Prof. Shai Shalev-Shwartz, CTO of Mobileye and machine learning expert at the Hebrew University, explains that the difference between the human and artificial brain “lies in the fact that the human brain requires less information in order to learn. Moreover, the human brain can learn from information that is considered to be of lesser “quality”, while the best algorithms today require a great deal of high-quality information, that is, with little ‘noise’.”
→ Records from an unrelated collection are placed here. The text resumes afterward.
Lemma ln_ratio_ge_loss (R : realType) (tau P u v X Y xa ya : R) :
  0 < tau -> tau < 1 / 100 -> 80 ^+ 4 <= P ->
  0 <= u -> 0 <= v -> 0 <= X <= 1 -> 0 <= Y <= 1 ->
  u `^ (2 + tau) * P <= X `^ (2 + tau - 1) -> v `^ (2 + tau) * P <= Y `^ (2 + tau - 1) ->
  0 < xa <= 1 - X -> 0 < ya <= 1 - Y ->
  2 * ln (1 - P^-1) + ln (1 - 1 / P `^ (1 + tau / 4))
    <= (2 + tau) * ln (1 - (u + v)) - (2 + tau - 1) * (ln xa + ln ya).
Proof.
move=> tau_gt0 tau_lt P_large u_ge0 v_ge0 X01 Y01 failed_u failed_v.
move=> /andP[xa_gt0 xa_le] /andP[ya_gt0 ya_le].
have P_gt0 : 0 < P by apply: lt_le_trans P_large; rewrite exprn_gt0.
have P_gt1 : 1 < P by apply: lt_le_trans P_large; rewrite exprn_egt1 // ltr1n.
have th_gt1 : 1 < 2 + tau by lra.
set w := P `^ (- (tau / 4)); set t := u + v.
have w_le1 : w <= 1.
  rewrite /w /powR gt_eqF // expR_le1 mulNr oppr_le0 mulr_ge0 ?ln_ge0 ?ltW //; lra.
have t_small : t <= w / 40 by apply: failed_pair_small failed_u failed_v.
set m := (1 - t)^-1.
have m_pow : m `^ (2 + tau) <= 1 + w / 2.
  apply: le_trans (inv_subr_powR_le _ _) _; rewrite ?addr_ge0 //; lra.
have m_ge0 : 0 <= m by rewrite invr_ge0; lra.
have young_u := failed_young th_gt1 P_gt0 m_ge0 u_ge0 (proj1 (andP X01)) failed_u.
have young_v := failed_young th_gt1 P_gt0 m_ge0 v_ge0 (proj1 (andP Y01)) failed_v.
have mP : m `^ (2 + tau) / P <= (1 + w / 2) / P by rewrite ler_pM2r ?invr_gt0.
have t_ge0 : 0 <= t by rewrite addr_ge0.
have ln_t : - (t * m) <= ln (1 - t) by apply: ln_subr1_ge; apply/andP; split; lra.
have ln_xa : ln xa <= - X.
  by apply: le_trans (ln_subr1_le _); [rewrite ler_ln ?posrE | ]; lra.
have ln_ya : ln ya <= - Y.
  by apply: le_trans (ln_subr1_le _); [rewrite ler_ln ?posrE | ]; lra.
have q_lt1 : P^-1 < 1 by rewrite invf_lt1.
have ln_q : ln (1 - P^-1) <= - P^-1 by apply: ln_subr1_le.
have loss_eq : 1 / P `^ (1 + tau / 4) = P^-1 * w.
  by rewrite /w powRN powRD ?powRr1 ?(gt_eqF P_gt0) ?implybT ?(ltW P_gt0) // div1r invfM.
have ln_qw : ln (1 - P^-1 * w) <= - (P^-1 * w).
  apply: ln_subr1_le; apply: le_lt_trans q_lt1; rewrite ger_pMr ?invr_gt0 //.
have th_ge0 : 0 <= 2 + tau by lra.
have th1_ge0 : 0 <= 2 + tau - 1 by lra.
have := ler_wpM2l th_ge0 ln_t.
have := ler_wpM2l th1_ge0 (lerD ln_xa ln_ya).
have tm : (2 + tau) * (t * m) = (2 + tau) * m * u + (2 + tau) * m * v by rewrite /t; ring.
rewrite loss_eq; lra.
Qed.

Lemma failed_option_ratio (R : realType) (th P x y e x1 y1 e1 : R) :
  1 < th -> 0 < P -> 0 < x -> 0 < y -> 0 < e -> 0 <= e1 -> y1 <= y ->
  (0 < e1 -> 0 < x1 /\ 0 < y1) ->
  mutheta_of th x1 y1 e1 * P < mutheta_of th x y e ->
  (e1 / e) `^ th * P <= (x1 / x) `^ (th - 1).
Proof.
move=> th_gt1 P_gt0 x_gt0 y_gt0 e_gt0 e1_ge0 y1_le ends_gt0.
have [-> _ | e1_neq0] := eqVneq e1 0.
  by rewrite mul0r powR0 ?mul0r ?powR_ge0 // gt_eqF //; lra.
have e1_gt0 : 0 < e1 by rewrite lt_def e1_neq0.
have [x1_gt0 y1_gt0] := ends_gt0 e1_gt0.
rewrite !mutheta_of_expR // -[P in _ * P]lnK ?posrE // -expRD ltr_expR => lt_ln.
have : (th - 1) * ln y1 <= (th - 1) * ln y by rewrite ler_wpM2l ?ler_ln ?posrE //; lra.
rewrite -(lnK P_gt0) /powR !gt_eqF ?divr_gt0 // -expRD ler_expR !ln_div ?posrE //.
lra.
Qed.
Lemma pshift_rising z m :
  pshift 1 (rising z m) * ('X - z%:P) = rising z m * ('X + (m%:R - z)%:P).
Proof.
elim: m => [|m IHm].
  by rewrite /rising !big_ord0 -polyC1 pshiftC polyC1 !mul1r sub0r polyCN.
rewrite /rising !big_ord_recr /= -/(rising z m) pshiftM pshift_XaddC mulrAC IHm.
by rewrite -!mulrA mulrSr addrAC.
Qed.

Lemma is_shift_quotient_factor z t : is_shift_quotient (frac_factor z t).
Proof.
have pos w (m : nat) : is_shift_quotient (frac_factor w m).
  exists (rising w m)%:F; first by rewrite tofrac_eq0 rising_neq0.
  rewrite fshift_tofrac; apply/eq_tofrac_div; rewrite ?polyXsubC_eq0 ?rising_neq0 //.
  by rewrite pshift_rising mulrC.
case: t => [m | m]; first exact: pos.
have -> : frac_factor z (Negz m) = (frac_factor (z + m.+1%:R) m.+1)^-1.
  by rewrite frac_factorV addrK NegzE.
exact/is_shift_quotientV/pos.
Qed.

Lemma is_shift_quotient_factor_prod n (al : 'I_n -> K) (a : 'I_n -> int) :
  is_shift_quotient (factor_prod al a).
Proof.
apply: big_ind => [|f g|i _]; last exact: is_shift_quotient_factor.
- by exists 1; rewrite ?oner_neq0 // fshift1 divr1.
- exact: is_shift_quotientM.
Qed.
End ShiftQuotients.

Section ClosedField.
Variable K : closedFieldType.
Local Notation F := {fraction {poly K}}.

Lemma is_factor_prod_poly (p : {poly K}) :
  p != 0 -> is_factor_prod (fshift 1 p%:F / p%:F).
Proof.
move=> p0; have [rs ->] := closed_field_poly_normal p.
have c0 : ((lead_coef p)%:P)%:F != 0 :> F by rewrite tofrac_eq0 polyC_eq0 lead_coef_eq0.
rewrite -mul_polyC tofracM fshiftM fshift_tofrac pshiftC -mulf_div divff // mul1r.
elim: rs => [|z rs IHrs].
  by rewrite big_nil tofrac1 fshift1 divr1; apply: is_factor_prod1.
rewrite big_cons tofracM fshiftM -mulf_div; apply: is_factor_prodM => //.
suff -> : fshift 1 ('X - z%:P)%:F / ('X - z%:P)%:F = frac_factor z 1.
  exact: is_factor_prod_factor.
by rewrite fshift_tofrac -polyCN pshift_XaddC polyCN /frac_factor (addrC (- z)).
Qed.
Lemma square_vh i j : sc (vedge y i j) = rg (hedge y i (S j)) /\
  comp (vedge y i j) (hedge y i (S j)) = y (i, j) /\ dg (vedge y i j) = eps2.
Proof.
  destruct (Y (i, j)) as [D [_ Fp]].
  destruct (seg_factorisation (y (i, j)) eps2 eps1 D) as [Hc [E [Dv _]]].
  replace (add2 (i, j) eps2) with (i, S j) in Fp by solve_N2.
  unfold hedge, vedge, F_r. rewrite <- Fp. auto.
Qed.

Lemma hedge_rg i j : rg (hedge y i j) = vertex y i j.
Proof.
  destruct (square_hv i j) as [Hc [E _]]. unfold vertex. rewrite <- E, rg_comp; auto.
Qed.

Lemma vedge_rg i j : rg (vedge y i j) = vertex y i j.
Proof.
  destruct (square_vh i j) as [Hc [E _]]. unfold vertex. rewrite <- E, rg_comp; auto.
Qed.

Lemma hedge_sc i j : sc (hedge y i j) = vertex y (S i) j.
Proof. rewrite (proj1 (square_hv i j)). apply vedge_rg. Qed.

Lemma vedge_sc i j : sc (vedge y i j) = vertex y i (S j).
Proof. rewrite (proj1 (square_vh i j)). apply hedge_rg. Qed.

Lemma hpath_rg i k j : rg (hpath y i k j) = vertex y i j.
Proof.
  induction k as [|k IH] in i |- *; simpl.
  - apply rg_rg.
  - rewrite rg_comp; [apply hedge_rg|]. rewrite IH. apply hedge_sc.
Qed.

Lemma vpath_rg i j k : rg (vpath y i j k) = vertex y i j.
Proof.
  induction k as [|k IH] in j |- *; simpl.
  - apply rg_rg.
  - rewrite rg_comp; [apply vedge_rg|]. rewrite IH. apply vedge_sc.
Qed.

Lemma hpath_sc i k j : sc (hpath y i k j) = vertex y (i + k) j.
Proof.
  induction k as [|k IH] in i |- *; simpl.
  - rewrite Nat.add_0_r. apply sc_rg.
  - rewrite sc_comp, IH by (rewrite hpath_rg; apply hedge_sc). f_equal. lia.
Qed.

Lemma vpath_sc i j k : sc (vpath y i j k) = vertex y i (j + k).
Proof.
  induction k as [|k IH] in j |- *; simpl.
  - rewrite Nat.add_0_r. apply sc_rg.
  - rewrite sc_comp, IH by (rewrite vpath_rg; apply vedge_sc). f_equal. lia.
Qed.

Lemma hpath_dg i k j : dg (hpath y i k j) = (k, 0).
Proof.
  induction k as [|k IH] in i |- *; simpl.
  - apply dg_id.
  - rewrite dg_comp, IH, (proj2 (proj2 (square_hv i j)))
      by (rewrite hpath_rg; apply hedge_sc). solve_N2.
Qed.

Lemma vpath_dg i j k : dg (vpath y i j k) = (0, k).
Proof.
  induction k as [|k IH] in j |- *; simpl.
  - apply dg_id.
  - rewrite dg_comp, IH, (proj2 (proj2 (square_vh i j)))
      by (rewrite vpath_rg; apply vedge_sc). solve_N2.
Qed.

Local Ltac solve_composable := repeat first
  [ rewrite hpath_rg | rewrite hpath_sc | rewrite vpath_rg | rewrite vpath_sc
  | rewrite hedge_rg | rewrite hedge_sc | rewrite vedge_rg | rewrite vedge_sc
  | rewrite rg_comp by solve_composable | rewrite sc_comp by solve_composable ];
  first [ reflexivity | f_equal; lia ].

Lemma hpath_add i a c j :
  hpath y i (a + c) j = comp (hpath y i a j) (hpath y (i + a) c j).
Proof.
  induction a as [|a IH] in i |- *; simpl.
  - rewrite Nat.add_0_r, <- (hpath_rg i c j), comp_idl. reflexivity.
  - rewrite IH, comp_assoc by solve_composable. do 3 f_equal. lia.
Qed.

Lemma vpath_add i j a c :
  vpath y i j (a + c) = comp (vpath y i j a) (vpath y i (j + a) c).
Proof.
  induction a as [|a IH] in j |- *; simpl.
  - rewrite Nat.add_0_r, <- (vpath_rg i j c), comp_idl. reflexivity.
  - rewrite IH, comp_assoc by solve_composable. do 3 f_equal. lia.
Qed.

Lemma vpath_hedge_comm i j b :
  comp (vpath y i j b) (hedge y i (j + b)) = comp (hedge y i j) (vpath y (S i) j b).
Proof.
  induction b as [|b IH] in j |- *; simpl.
  - rewrite Nat.add_0_r, <- hedge_rg, comp_idl, <- hedge_sc, comp_idr. reflexivity.
  - rewrite comp_assoc by solve_composable. replace (j + S b) with (S j + b) by lia.
    rewrite IH, <- comp_assoc by solve_composable.
    rewrite (proj1 (proj2 (square_vh i j))), <- (proj1 (proj2 (square_hv i j))).
    apply comp_assoc; solve_composable.
Qed.

Lemma vpath_hpath_comm i j a b :
  comp (vpath y i j b) (hpath y i a (j + b)) = comp (hpath y i a j) (vpath y (i + a) j b).
Proof.
  induction a as [|a IH] in i |- *; simpl.
  - rewrite Nat.add_0_r, <- (vpath_sc i j b), comp_idr, <- (vpath_rg i j b), comp_idl.
    reflexivity.
  - rewrite <- comp_assoc, vpath_hedge_comm, comp_assoc, IH, comp_assoc by solve_composable.
    do 3 f_equal. lia.
Qed.

Lemma rect_rg m n : le2 m n -> rg (rect y m n) = vertex y (fst m) (snd m).
Proof. intros [H1 H2]. unfold rect. solve_composable. Qed.

Lemma rect_sc m n : le2 m n -> sc (rect y m n) = vertex y (fst n) (snd n).
Proof. intros [H1 H2]. unfold rect. solve_composable. Qed.

Lemma rect_dg m n : le2 m n -> dg (rect y m n) = sub2 n m.
Proof.
  intros [H1 H2]. unfold rect. rewrite dg_comp, hpath_dg, vpath_dg by solve_composable.
  solve_N2.
Qed.

Lemma rect_refl m : rect y m m = vertex y (fst m) (snd m).
Proof.
  unfold rect. rewrite !Nat.sub_diag. simpl.
  rewrite <- (sc_rg (y (fst m, snd m))) at 2. apply comp_idr.
Qed.
Lemma delay_count_le p : (p <= k)%N -> delay_count p <= INR tau.
Proof.
move=> hp; apply: Rle_trans (sum_nat_le_prefix J (fun _ => Rle_0_1) hp) _.
apply: Rle_trans (sum_le_window (fun _ => Rle_0_1) (fun s hs => proj2 (hJ s hs))) _.
by rewrite big_const_nat iter_Rplus Rmult_1_r; apply: le_INR; apply/leP; lia.
Qed.

Lemma delay_norm2_le p : (p <= k)%N -> delay_norm2 p <= delay_norm2 k.
Proof. by move=> hp; apply: sum_nat_le_prefix => // s; apply: norm2_ge0. Qed.

Lemma ypath_grad_dev p : (p <= k)%N ->
  norm2 (vsub (gradf (ypath p)) (gradf (ypath 0)))
    <= delay_count p * (Lr * Lr * delay_norm2 p).
Proof.
elim: p => [_|p IH hp].
  by rewrite norm2_sub_self /delay_count /delay_norm2 big_geq //; lra.
rewrite /delay_count /delay_norm2 !sum_nat_recr_cond -/(delay_count p) -/(delay_norm2 p).
rewrite (ypath_succ p hp); have {}IH := IH (ltnW hp).
case: (J p); last by lra.
have -> : vsub (gradf (vadd (ypath p) (incr p))) (gradf (ypath 0)) =
    vadd (vsub (gradf (ypath p)) (gradf (ypath 0)))
         (vsub (gradf (vadd (ypath p) (incr p))) (gradf (ypath p))).
  by apply: vec_ext => i j; rewrite /vadd /vsub; ring.
have := norm2_add_le (delay_count_ge0 p) _ IH (incr_grad_lipschitz p (ypath p) hp).
have := delay_norm2_ge0 p; have := norm2_ge0 (incr p); nra.
Qed.

(* One delayed increment: the descent lemma at [ypath p], with the gradient
   there compared to the one at [ypath 0] by Cauchy-Schwarz and Young. *)
Lemma ypath_descent p : (p <= k)%N ->
  f (ypath p) - f (ypath 0) - dot (gradf (ypath 0)) (vsub (ypath p) (ypath 0))
    <= Rabs Lr / 2 * (delay_count p * delay_norm2 k + INR tau * delay_norm2 p)
       + / 2 * delay_wnorm2 p.
Proof.
elim: p => [_|p IH hp].
  rewrite dot_sub_self /delay_count [delay_norm2 0]/delay_norm2 /delay_wnorm2 !big_geq //.
  change R0 with 0; nra.
rewrite [delay_count _.+1]/delay_count [delay_norm2 _.+1]/delay_norm2.
rewrite [delay_wnorm2 _.+1]/delay_wnorm2 !sum_nat_recr_cond.
rewrite -/(delay_count p) -/(delay_norm2 p) -/(delay_wnorm2 p) (ypath_succ p hp).
have {}IH := IH (ltnW hp).
have hN := delay_count_ge0 p; have hS := delay_norm2_ge0 p.
case: (J p); last by rewrite !Rplus_0_r.
set G := gradf (ypath 0); set b := norm2 (incr p).
have hb : 0 <= b by apply: norm2_ge0.
have -> : vsub (vadd (ypath p) (incr p)) (ypath 0) = vadd (vsub (ypath p) (ypath 0)) (incr p).
  by apply: vec_ext => i j; rewrite /vadd /vsub; ring.
rewrite dot_add_r.
have hdesc := incr_descent p (ypath p) hp.
have hcross : dot (gradf (ypath p)) (incr p) - dot G (incr p)
    <= Rabs Lr * (/ 2 * (delay_norm2 p + delay_count p * b)).
  rewrite dot_sub_l; apply: Rle_trans (dot_cs _ _) _.
  have hg : norm (vsub (gradf (ypath p)) G) <= Rabs Lr * sqrt (delay_count p * delay_norm2 p).
    rewrite -sqrt_sq_scale; last nra.
    by apply: sqrt_le_1_alt; have := ypath_grad_dev p (ltnW hp); rewrite -/G; lra.
  apply: Rle_trans (Rmult_le_compat_r _ _ _ (sqrt_pos b) hg) _.
  rewrite Rmult_assoc; apply: Rmult_le_compat_l; first exact: Rabs_pos.
  exact: sqrt_young.
have hNt := delay_count_le p (ltnW hp).
have hSk := delay_norm2_le p (ltnW hp).
have : Rabs Lr * (delay_count p * b) <= Rabs Lr * (INR tau * b).
  by apply: Rmult_le_compat_l; [exact: Rabs_pos | nra].
have := Rabs_pos Lr; rewrite -/G in IH hdesc; nra.
Qed.

Lemma delay_norm2_window :
  delay_norm2 k <= \big[Rplus/R0]_((k - tau)%N <= d < k) norm2 (vsub (x d.+1) (x d)).
Proof.
apply: sum_le_window => [s | s hs]; first exact: norm2_ge0.
exact: proj2 (hJ s hs).
Qed.

Lemma delay_wnorm2_window :
  delay_wnorm2 k <= \big[Rplus/R0]_((k - tau)%N <= d < k) wnorm2 L (vsub (x d.+1) (x d)).
Proof.
apply: sum_le_window => [s | s hs]; first exact: wnorm2_ge0.
exact: proj2 (hJ s hs).
Qed.

(* A negative [Lr] is only possible on the trivial space, where every norm vanishes. *)
Lemma Rabs_Lr_norm2 (y : vec n) : Rabs Lr * norm2 y = Lr * norm2 y.
Proof.
have [hLr0|hneg] := Rle_dec 0 Lr; first by rewrite Rabs_pos_eq.
suff -> : norm2 y = 0 by ring.
rewrite /norm2 /dot big1 // => i _.
apply: (sqrt_eq_0 (bnorm2 (y i))); first exact: bnorm2_ge0.
have := hLr i y y; have := sqrt_pos (norm2 (vsub (gradf (vadd y (Ublk i y))) (gradf y))).
have := sqrt_pos (bnorm2 (y i)); rewrite /norm /bnorm; nra.
Qed.

Lemma delay_count_norm2_window :
  delay_count k * delay_norm2 k
    <= INR tau * \big[Rplus/R0]_((k - tau)%N <= d < k) norm2 (vsub (x d.+1) (x d)).
Proof.
apply: Rmult_le_compat; [exact: delay_count_ge0 | exact: delay_norm2_ge0 |
  exact: delay_count_le | exact: delay_norm2_window].
Qed.

Lemma grad_dev_window :
  norm2 (vsub (gradf (x k)) (gradf (ypath 0)))
    <= INR tau * (Lr * Lr * \big[Rplus/R0]_((k - tau)%N <= d < k) norm2 (vsub (x d.+1) (x d))).
Proof.
have := ypath_grad_dev k (leqnn k); rewrite ypath_k => hdev.
apply: Rle_trans hdev _.
set St := \big[Rplus/R0]_(_ <= d < k) norm2 _.
have -> : INR tau * (Lr * Lr * St) = Lr * Lr * (INR tau * St) by ring.
have -> : delay_count k * (Lr * Lr * delay_norm2 k) = Lr * Lr * (delay_count k * delay_norm2 k)
  by ring.
by apply: Rmult_le_compat_l; [nra | exact: delay_count_norm2_window].
Qed.

Lemma descent_window :
  f (x k) - f (ypath 0) - dot (gradf (ypath 0)) (vsub (x k) (ypath 0))
    <= Lr * INR tau * \big[Rplus/R0]_((k - tau)%N <= d < k) norm2 (vsub (x d.+1) (x d))
       + / 2 * \big[Rplus/R0]_((k - tau)%N <= d < k) wnorm2 L (vsub (x d.+1) (x d)).
Proof.
have := ypath_descent k (leqnn k); rewrite ypath_k => hdesc.
apply: Rle_trans hdesc _.
set St := \big[Rplus/R0]_(_ <= d < k) norm2 _.
have habs : Rabs Lr * St = Lr * St.
  by rewrite /St -!sumZ; apply: eq_bigr => d _; apply: Rabs_Lr_norm2.
have hsum : delay_count k * delay_norm2 k + INR tau * delay_norm2 k <= 2 * (INR tau * St).
  have := delay_count_norm2_window; rewrite -/St.
  have := Rmult_le_compat_l _ _ _ (pos_INR tau) delay_norm2_window; rewrite -/St; lra.
have := Rmult_le_compat_l _ _ _ (Rabs_pos Lr) hsum.
have := delay_wnorm2_window.
have -> : Lr * INR tau * St = INR tau * (Rabs Lr * St) by rewrite habs; ring.
rewrite /Rdiv; lra.
Qed.

End DelayedPath.

Section Expectation.
Variables (m : nat) (n : 'I_m -> nat) (f : vec n -> R) (gradf : vec n -> vec n).
Variables (L : 'I_m -> R) (Lr : R) (tau : nat) (x : nat -> vec n) (ik : nat -> 'I_m)
  (J : pred nat) (k : nat) (xhat xx : vec n) (xnext : 'I_m -> vec n) (alpha : R).
Hypothesis hm : (0 < m)%N.
Hypothesis hconv : convex_fun f.
Hypothesis hgrad : has_gradient f gradf.
Hypothesis hL : forall (i : 'I_m) (y z : vec n),
  bnorm (bsub (gradf (vadd z (Ublk i y)) i) (gradf z i)) <= L i * bnorm (y i).
Hypothesis hLr : forall (i : 'I_m) (y z : vec n),
  norm (vsub (gradf (vadd z (Ublk i y))) (gradf z)) <= Lr * bnorm (y i).
Hypothesis hLpos : forall i, 0 < L i.
Hypothesis hupd : forall p, (p < k)%N -> forall l, l != ik p -> forall j, x p.+1 l j = x p l j.
Hypothesis hJ : forall e, J e -> (e < k)%N /\ (k <= e + tau)%N.
Hypothesis hread : ypath m n x J k 0 = xhat.
Hypothesis hoff : forall j l, l != j -> forall jj, xnext j l jj = x k l jj.
Hypothesis halpha : 0 < alpha.

Lemma sum_expected_bound :
  \big[Rplus/R0]_(j < m) f (xnext j) - INR m * f xx - (INR m - 1) * (f (x k) - f xx)
  - / 2 * \big[Rplus/R0]_(j < m) wnorm2 (fun i => L i + alpha * Lmax L) (vsub (xnext j) (x k))
  - (Lr / Lmax L * Lr * INR tau / alpha + 2 * Lr * INR tau) / 2
      * \big[Rplus/R0]_((k - tau)%N <= d < k) norm2 (vsub (x d.+1) (x d))
  - / 2 * \big[Rplus/R0]_((k - tau)%N <= d < k) wnorm2 L (vsub (x d.+1) (x d))
  <= \big[Rplus/R0]_(j < m) bdot (gradf xhat j) (bsub (xnext j j) (xx j)).
Proof.
have hL0 : forall i, 0 <= L i by move=> i; apply: Rlt_le.
have hLc : 0 < Lmax L by have := Lmax_ge L (Ordinal hm); have := hLpos (Ordinal hm); lra.
have hc : 0 < alpha * Lmax L by apply: Rmult_lt_0_compat.
have hblocks := sum_block_estimates hgrad hL xhat xx hc hoff.
have hconvex := convex_grad_le hgrad hconv xx xhat.
have hdev := grad_dev_window m n gradf Lr tau x ik J k hLr hupd hJ.
have hdescent := descent_window m n f gradf L Lr tau x ik J k hgrad hL hLr hL0 hupd hJ.
rewrite hread in hdev hdescent.
set St := \big[Rplus/R0]_(_ <= d < k) norm2 _ in hdev hdescent *.
have hyoung : / (2 * (alpha * Lmax L)) * norm2 (vsub (gradf (x k)) (gradf xhat))
    <= Lr / Lmax L * Lr * INR tau / alpha / 2 * St.
  apply: Rle_trans (Rmult_le_compat_l _ _ _ _ hdev) _.
    by apply: Rlt_le; apply: Rinv_0_lt_compat; lra.
  by apply: Req_le; field; lra.
rewrite !dot_sub_r in hblocks hconvex hdescent.
lra.
Qed.

End Expectation.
“On the other hand, we see both in human brains and artificial brains, that as the brain grows quantitatively, the cognitive abilities grow,” adds Dr. David. “So maybe we aren’t there yet, but the scenario that artificial intelligence will reach and surpass our cognitive abilities is most likely.”
“It will be a long time until we get to the point where a machine looks, thinks and talks just like a human,” says Radinsky. And as for the fear that one day someone will create a machine that would hurt people? She suggests sticking to the words of researcher and innovator Dr. Andrew Ng: “to worry that a machine would hurt people is like worrying that there will be a population explosion on Mars, while humanity is just trying to get there.”